<<<<
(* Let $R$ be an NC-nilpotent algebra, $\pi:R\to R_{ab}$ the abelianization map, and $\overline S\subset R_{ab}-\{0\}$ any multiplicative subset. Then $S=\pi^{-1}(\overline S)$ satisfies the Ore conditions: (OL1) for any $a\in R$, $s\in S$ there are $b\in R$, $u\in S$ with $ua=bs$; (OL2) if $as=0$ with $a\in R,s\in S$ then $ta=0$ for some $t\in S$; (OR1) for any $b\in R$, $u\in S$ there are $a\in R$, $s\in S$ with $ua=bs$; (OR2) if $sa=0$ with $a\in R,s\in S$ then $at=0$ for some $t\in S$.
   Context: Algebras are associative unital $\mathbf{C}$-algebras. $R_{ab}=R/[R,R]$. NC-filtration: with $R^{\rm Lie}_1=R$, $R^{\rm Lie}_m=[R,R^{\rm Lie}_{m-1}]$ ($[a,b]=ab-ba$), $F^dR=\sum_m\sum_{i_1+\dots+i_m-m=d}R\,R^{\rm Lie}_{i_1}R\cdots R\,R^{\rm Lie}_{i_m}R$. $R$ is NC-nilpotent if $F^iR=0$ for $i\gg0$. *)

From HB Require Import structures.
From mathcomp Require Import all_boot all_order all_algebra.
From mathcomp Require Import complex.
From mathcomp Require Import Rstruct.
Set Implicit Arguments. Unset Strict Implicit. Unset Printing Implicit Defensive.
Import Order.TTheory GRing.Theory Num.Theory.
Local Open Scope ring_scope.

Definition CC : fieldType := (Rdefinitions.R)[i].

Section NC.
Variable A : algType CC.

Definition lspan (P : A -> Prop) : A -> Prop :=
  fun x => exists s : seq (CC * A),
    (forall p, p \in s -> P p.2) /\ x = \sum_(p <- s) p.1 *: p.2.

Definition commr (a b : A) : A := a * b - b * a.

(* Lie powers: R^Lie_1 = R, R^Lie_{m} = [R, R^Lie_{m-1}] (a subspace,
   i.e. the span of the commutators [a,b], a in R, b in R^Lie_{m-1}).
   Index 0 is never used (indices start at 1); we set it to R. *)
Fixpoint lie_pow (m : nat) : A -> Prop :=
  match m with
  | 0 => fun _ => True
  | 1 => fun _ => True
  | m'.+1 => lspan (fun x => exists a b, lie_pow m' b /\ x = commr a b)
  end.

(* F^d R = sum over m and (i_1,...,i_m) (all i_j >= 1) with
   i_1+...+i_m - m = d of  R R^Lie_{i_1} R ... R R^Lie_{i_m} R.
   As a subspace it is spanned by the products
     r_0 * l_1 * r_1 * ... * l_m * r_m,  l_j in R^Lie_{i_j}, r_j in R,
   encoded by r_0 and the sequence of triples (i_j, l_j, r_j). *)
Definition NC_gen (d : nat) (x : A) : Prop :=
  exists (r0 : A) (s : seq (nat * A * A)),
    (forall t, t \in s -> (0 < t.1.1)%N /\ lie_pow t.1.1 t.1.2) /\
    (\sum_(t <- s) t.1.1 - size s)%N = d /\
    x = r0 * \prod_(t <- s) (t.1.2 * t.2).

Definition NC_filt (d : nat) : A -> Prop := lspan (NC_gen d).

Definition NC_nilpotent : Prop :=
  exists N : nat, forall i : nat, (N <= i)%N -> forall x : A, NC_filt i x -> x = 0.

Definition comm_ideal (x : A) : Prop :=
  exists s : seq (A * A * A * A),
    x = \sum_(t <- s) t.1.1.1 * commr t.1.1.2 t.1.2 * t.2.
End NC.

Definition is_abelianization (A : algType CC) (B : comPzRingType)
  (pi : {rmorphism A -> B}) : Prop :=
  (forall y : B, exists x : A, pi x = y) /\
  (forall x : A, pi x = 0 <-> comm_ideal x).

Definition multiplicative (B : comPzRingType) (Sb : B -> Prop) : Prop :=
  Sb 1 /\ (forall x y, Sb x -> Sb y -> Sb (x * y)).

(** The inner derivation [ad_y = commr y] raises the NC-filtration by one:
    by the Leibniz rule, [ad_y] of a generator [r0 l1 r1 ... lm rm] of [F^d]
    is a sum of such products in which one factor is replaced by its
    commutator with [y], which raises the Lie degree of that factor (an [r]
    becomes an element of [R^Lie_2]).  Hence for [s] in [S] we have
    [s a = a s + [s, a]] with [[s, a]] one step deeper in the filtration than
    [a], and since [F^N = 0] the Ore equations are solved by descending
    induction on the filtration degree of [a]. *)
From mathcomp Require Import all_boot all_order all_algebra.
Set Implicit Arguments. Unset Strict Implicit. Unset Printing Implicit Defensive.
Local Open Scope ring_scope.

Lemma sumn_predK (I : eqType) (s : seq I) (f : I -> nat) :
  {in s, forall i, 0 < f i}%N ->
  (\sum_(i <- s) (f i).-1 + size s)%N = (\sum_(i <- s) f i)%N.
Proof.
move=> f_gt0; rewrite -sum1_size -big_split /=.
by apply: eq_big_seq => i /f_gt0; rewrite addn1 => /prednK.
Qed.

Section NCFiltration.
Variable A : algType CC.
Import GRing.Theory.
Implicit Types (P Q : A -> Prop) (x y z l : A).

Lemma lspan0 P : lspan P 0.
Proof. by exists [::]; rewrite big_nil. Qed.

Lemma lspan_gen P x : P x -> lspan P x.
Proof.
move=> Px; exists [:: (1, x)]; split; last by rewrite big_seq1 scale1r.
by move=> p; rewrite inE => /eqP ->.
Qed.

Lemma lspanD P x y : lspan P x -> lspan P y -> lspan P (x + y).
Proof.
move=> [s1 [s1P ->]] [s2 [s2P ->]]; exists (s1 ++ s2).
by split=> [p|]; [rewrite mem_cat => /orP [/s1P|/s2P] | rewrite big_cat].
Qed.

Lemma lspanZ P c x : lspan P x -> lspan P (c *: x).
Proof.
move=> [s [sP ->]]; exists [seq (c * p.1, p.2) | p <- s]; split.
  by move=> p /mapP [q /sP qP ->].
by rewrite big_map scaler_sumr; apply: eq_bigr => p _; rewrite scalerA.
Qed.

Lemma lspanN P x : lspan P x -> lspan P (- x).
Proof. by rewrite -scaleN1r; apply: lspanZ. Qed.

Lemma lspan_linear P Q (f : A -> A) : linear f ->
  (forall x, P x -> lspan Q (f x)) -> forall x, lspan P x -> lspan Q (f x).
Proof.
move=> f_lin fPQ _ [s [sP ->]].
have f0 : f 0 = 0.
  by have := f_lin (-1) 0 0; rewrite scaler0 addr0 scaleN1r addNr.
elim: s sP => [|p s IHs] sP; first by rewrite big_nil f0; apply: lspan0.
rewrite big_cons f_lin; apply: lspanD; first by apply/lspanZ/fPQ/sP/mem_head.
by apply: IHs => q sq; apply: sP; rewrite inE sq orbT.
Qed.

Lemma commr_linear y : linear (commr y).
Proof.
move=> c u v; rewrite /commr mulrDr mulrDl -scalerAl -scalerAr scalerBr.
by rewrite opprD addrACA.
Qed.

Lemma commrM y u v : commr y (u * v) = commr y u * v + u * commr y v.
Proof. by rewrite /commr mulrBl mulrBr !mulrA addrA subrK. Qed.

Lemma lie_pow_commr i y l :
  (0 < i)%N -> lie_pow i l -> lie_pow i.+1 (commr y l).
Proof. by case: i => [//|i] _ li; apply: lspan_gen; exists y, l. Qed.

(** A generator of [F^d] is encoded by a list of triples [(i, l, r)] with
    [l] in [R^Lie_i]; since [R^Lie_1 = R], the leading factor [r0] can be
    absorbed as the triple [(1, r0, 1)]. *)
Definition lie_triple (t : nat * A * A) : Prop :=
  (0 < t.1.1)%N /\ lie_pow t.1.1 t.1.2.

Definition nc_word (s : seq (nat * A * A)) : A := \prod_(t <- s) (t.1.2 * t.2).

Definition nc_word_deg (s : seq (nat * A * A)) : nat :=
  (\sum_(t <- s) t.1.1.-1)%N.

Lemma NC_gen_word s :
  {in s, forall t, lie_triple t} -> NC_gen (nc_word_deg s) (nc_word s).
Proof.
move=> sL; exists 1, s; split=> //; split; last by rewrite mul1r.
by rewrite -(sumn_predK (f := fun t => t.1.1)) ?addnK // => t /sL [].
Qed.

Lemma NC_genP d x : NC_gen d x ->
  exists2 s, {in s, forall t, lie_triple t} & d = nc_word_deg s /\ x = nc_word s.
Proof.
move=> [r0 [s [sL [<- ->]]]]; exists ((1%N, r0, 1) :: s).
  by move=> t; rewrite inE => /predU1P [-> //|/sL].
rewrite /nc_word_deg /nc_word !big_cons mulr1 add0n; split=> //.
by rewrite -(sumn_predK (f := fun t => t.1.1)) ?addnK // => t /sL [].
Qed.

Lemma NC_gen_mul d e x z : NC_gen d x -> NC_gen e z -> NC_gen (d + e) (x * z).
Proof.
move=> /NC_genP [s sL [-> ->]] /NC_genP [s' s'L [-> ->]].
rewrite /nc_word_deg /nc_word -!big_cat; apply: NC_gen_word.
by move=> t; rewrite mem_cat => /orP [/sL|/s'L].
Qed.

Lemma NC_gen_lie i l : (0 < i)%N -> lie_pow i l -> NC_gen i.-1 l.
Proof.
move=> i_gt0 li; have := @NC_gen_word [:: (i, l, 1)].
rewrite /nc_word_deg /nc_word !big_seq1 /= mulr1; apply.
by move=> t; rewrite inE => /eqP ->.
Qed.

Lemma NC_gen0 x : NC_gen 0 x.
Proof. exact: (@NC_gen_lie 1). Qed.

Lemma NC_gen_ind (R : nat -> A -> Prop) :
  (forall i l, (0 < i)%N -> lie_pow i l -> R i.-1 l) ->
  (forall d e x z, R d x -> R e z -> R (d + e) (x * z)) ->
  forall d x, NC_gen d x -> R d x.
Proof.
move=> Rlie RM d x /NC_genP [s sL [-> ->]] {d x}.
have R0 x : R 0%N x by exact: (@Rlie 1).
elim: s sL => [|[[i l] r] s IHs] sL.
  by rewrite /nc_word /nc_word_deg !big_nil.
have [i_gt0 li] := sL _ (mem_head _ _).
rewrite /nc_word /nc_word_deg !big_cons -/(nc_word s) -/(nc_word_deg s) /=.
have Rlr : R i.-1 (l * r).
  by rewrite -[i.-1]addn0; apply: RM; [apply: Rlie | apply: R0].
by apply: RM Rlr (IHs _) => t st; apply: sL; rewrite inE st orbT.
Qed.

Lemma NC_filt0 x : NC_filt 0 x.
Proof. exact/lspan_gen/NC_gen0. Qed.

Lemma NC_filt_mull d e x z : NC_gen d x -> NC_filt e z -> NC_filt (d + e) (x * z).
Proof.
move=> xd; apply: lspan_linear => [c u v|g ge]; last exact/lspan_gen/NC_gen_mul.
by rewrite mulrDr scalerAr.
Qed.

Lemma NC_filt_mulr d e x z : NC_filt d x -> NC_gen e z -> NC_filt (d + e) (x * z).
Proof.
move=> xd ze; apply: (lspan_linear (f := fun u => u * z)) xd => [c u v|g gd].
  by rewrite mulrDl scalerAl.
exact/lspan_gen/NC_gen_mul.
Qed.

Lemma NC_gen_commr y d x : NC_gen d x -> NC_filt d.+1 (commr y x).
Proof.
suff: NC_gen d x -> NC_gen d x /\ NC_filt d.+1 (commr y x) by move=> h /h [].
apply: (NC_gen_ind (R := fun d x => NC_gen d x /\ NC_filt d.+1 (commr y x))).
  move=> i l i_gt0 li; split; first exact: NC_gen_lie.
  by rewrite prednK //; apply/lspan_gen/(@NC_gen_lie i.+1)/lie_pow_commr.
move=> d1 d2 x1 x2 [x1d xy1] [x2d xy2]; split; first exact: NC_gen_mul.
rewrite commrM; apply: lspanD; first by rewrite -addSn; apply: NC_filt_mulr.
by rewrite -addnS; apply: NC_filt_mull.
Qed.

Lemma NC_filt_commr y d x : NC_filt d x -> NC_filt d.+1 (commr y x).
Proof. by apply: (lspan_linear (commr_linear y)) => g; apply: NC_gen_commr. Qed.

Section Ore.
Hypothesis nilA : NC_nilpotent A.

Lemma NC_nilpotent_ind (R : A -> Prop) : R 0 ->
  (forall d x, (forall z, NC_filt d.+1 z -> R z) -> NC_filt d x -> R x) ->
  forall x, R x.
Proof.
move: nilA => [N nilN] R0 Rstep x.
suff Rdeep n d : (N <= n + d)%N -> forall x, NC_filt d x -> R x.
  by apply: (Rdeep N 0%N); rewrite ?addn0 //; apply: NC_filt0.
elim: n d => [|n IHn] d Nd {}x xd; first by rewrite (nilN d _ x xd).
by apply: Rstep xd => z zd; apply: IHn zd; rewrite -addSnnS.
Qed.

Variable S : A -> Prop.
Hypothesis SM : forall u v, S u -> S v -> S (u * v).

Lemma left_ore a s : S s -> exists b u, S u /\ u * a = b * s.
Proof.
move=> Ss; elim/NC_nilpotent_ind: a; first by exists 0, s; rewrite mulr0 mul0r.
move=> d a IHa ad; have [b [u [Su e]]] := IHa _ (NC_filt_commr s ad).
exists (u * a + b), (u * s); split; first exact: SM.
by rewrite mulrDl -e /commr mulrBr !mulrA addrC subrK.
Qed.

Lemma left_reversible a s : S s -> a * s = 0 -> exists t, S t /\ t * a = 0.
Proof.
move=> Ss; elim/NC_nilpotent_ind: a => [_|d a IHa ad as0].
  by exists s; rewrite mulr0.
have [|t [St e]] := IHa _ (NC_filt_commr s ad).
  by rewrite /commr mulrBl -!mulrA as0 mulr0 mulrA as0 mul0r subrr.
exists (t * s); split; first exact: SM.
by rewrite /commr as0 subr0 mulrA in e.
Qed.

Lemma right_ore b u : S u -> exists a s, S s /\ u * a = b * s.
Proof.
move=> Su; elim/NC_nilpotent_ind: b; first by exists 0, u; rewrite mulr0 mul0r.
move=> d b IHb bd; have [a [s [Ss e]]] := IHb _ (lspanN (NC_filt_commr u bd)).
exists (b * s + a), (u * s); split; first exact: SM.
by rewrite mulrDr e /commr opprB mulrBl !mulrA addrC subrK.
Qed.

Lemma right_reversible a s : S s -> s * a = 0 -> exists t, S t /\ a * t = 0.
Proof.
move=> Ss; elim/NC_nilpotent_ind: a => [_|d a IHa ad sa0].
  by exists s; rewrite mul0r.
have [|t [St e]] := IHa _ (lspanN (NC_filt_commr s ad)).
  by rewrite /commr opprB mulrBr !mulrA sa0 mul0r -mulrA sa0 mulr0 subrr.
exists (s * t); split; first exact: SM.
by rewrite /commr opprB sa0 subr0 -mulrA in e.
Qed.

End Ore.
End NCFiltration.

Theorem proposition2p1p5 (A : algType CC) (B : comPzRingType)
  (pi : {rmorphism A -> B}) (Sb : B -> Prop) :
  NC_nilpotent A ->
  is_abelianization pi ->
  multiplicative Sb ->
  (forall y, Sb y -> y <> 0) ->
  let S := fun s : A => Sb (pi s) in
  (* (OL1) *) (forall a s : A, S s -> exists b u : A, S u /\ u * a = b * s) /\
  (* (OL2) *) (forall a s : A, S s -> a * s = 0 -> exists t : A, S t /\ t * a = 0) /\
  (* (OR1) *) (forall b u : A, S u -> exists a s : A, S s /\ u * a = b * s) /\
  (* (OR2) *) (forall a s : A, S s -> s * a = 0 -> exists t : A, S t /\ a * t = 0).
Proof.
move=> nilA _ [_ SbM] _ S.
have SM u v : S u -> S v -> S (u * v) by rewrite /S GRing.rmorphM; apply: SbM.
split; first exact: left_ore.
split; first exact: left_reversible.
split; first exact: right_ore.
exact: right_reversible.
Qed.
>>>>
→ **EXERCISE BRIEF**
Wherever "suff" occurs in the records above, copy the line it sits in.

→ **SOLVED EXERCISE**
suff: NC_gen d x -> NC_gen d x /\ NC_filt d.+1 (commr y x) by move=> h /h [].
suff Rdeep n d : (N <= n + d)%N -> forall x, NC_filt d x -> R x.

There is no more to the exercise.